- _Work request_:
Take the records underneath and set them down exactly.

Records contained in a dataset:
Lemma nwins_thr k d p : (k < n)%N -> (size p + d)%N = n ->
  (nwins (thr n k.+1) d p)%:R = (ntails n (size p))%:R * pwin R n (maxn (size p) k).
Proof.
move=> lt_kn; elim: d p => [|d IH] p def_n.
  rewrite /nwins big_seq1 /=; move: def_n; rewrite addn0 => ->.
  by rewrite (maxn_idPl (ltnW lt_kn)) pwin_nn mulr0.
set m := size p; have lt_mn : (m < n)%N by rewrite -def_n addnS ltnS leq_addr.
set N' : R := (ntails n m.+1)%:R.
have n_neq0 : n%:R != 0 :> R by rewrite pnatr_eq0 -lt0n (leq_ltn_trans _ lt_mn).
have IH' v : (nwins (thr n k.+1) d (rcons p v))%:R = N' * pwin R n (maxn m.+1 k).
  by have := IH (rcons p v); rewrite size_rcons; apply; rewrite addSnnS.
rewrite nwinsS natr_sum -/m; under eq_bigr do rewrite thr_rcons.
rewrite (ntails_rec lt_mn) natrM -/N'.
have [le_km|lt_mk] := leqP k m.
  rewrite (sum_iota0_eq (B := N' * pwin R n m.+1)) => [|v v_gt0]; last first.
    rewrite eqn0Ngt v_gt0 andbF /=; case: eqP => [<-|_].
      by rewrite mul0n pwin_nn mulr0.
    by rewrite IH' (maxn_idPl (leqW le_km)).
  rewrite ltnS le_km eqxx /= mul1n addSnnS def_n natr_prod_tail //.
  rewrite (pwin_rec _ lt_mn) -mulr_natl.
  by field; rewrite n_neq0 addrC natr1 pnatr_eq0.
have m1_neq_n : (m.+1 == n) = false.
  by apply/negbTE; rewrite neq_ltn (leq_ltn_trans lt_mk lt_kn).
rewrite (sum_iota0_eq (B := N' * pwin R n k)) => [|v _]; last first.
  by rewrite ltnS leqNgt lt_mk m1_neq_n IH' (maxn_idPr lt_mk).
rewrite ltnS leqNgt lt_mk m1_neq_n /= IH' (maxn_idPr lt_mk).
by rewrite -mulr_natl -natr1; ring.
Qed.

End Counting.

Section Unimodality.
Variable R : realFieldType.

- _Completed exercise_:
Lemma nwins_thr k d p : (k < n)%N -> (size p + d)%N = n ->
  (nwins (thr n k.+1) d p)%:R = (ntails n (size p))%:R * pwin R n (maxn (size p) k).
Proof.
move=> lt_kn; elim: d p => [|d IH] p def_n.
  rewrite /nwins big_seq1 /=; move: def_n; rewrite addn0 => ->.
  by rewrite (maxn_idPl (ltnW lt_kn)) pwin_nn mulr0.
set m := size p; have lt_mn : (m < n)%N by rewrite -def_n addnS ltnS leq_addr.
set N' : R := (ntails n m.+1)%:R.
have n_neq0 : n%:R != 0 :> R by rewrite pnatr_eq0 -lt0n (leq_ltn_trans _ lt_mn).
have IH' v : (nwins (thr n k.+1) d (rcons p v))%:R = N' * pwin R n (maxn m.+1 k).
  by have := IH (rcons p v); rewrite size_rcons; apply; rewrite addSnnS.
rewrite nwinsS natr_sum -/m; under eq_bigr do rewrite thr_rcons.
rewrite (ntails_rec lt_mn) natrM -/N'.
have [le_km|lt_mk] := leqP k m.
  rewrite (sum_iota0_eq (B := N' * pwin R n m.+1)) => [|v v_gt0]; last first.
    rewrite eqn0Ngt v_gt0 andbF /=; case: eqP => [<-|_].
      by rewrite mul0n pwin_nn mulr0.
    by rewrite IH' (maxn_idPl (leqW le_km)).
  rewrite ltnS le_km eqxx /= mul1n addSnnS def_n natr_prod_tail //.
  rewrite (pwin_rec _ lt_mn) -mulr_natl.
  by field; rewrite n_neq0 addrC natr1 pnatr_eq0.
have m1_neq_n : (m.+1 == n) = false.
  by apply/negbTE; rewrite neq_ltn (leq_ltn_trans lt_mk lt_kn).
rewrite (sum_iota0_eq (B := N' * pwin R n k)) => [|v _]; last first.
  by rewrite ltnS leqNgt lt_mk m1_neq_n IH' (maxn_idPr lt_mk).
rewrite ltnS leqNgt lt_mk m1_neq_n /= IH' (maxn_idPr lt_mk).
by rewrite -mulr_natl -natr1; ring.
Qed.

End Counting.

Section Unimodality.
Variable R : realFieldType.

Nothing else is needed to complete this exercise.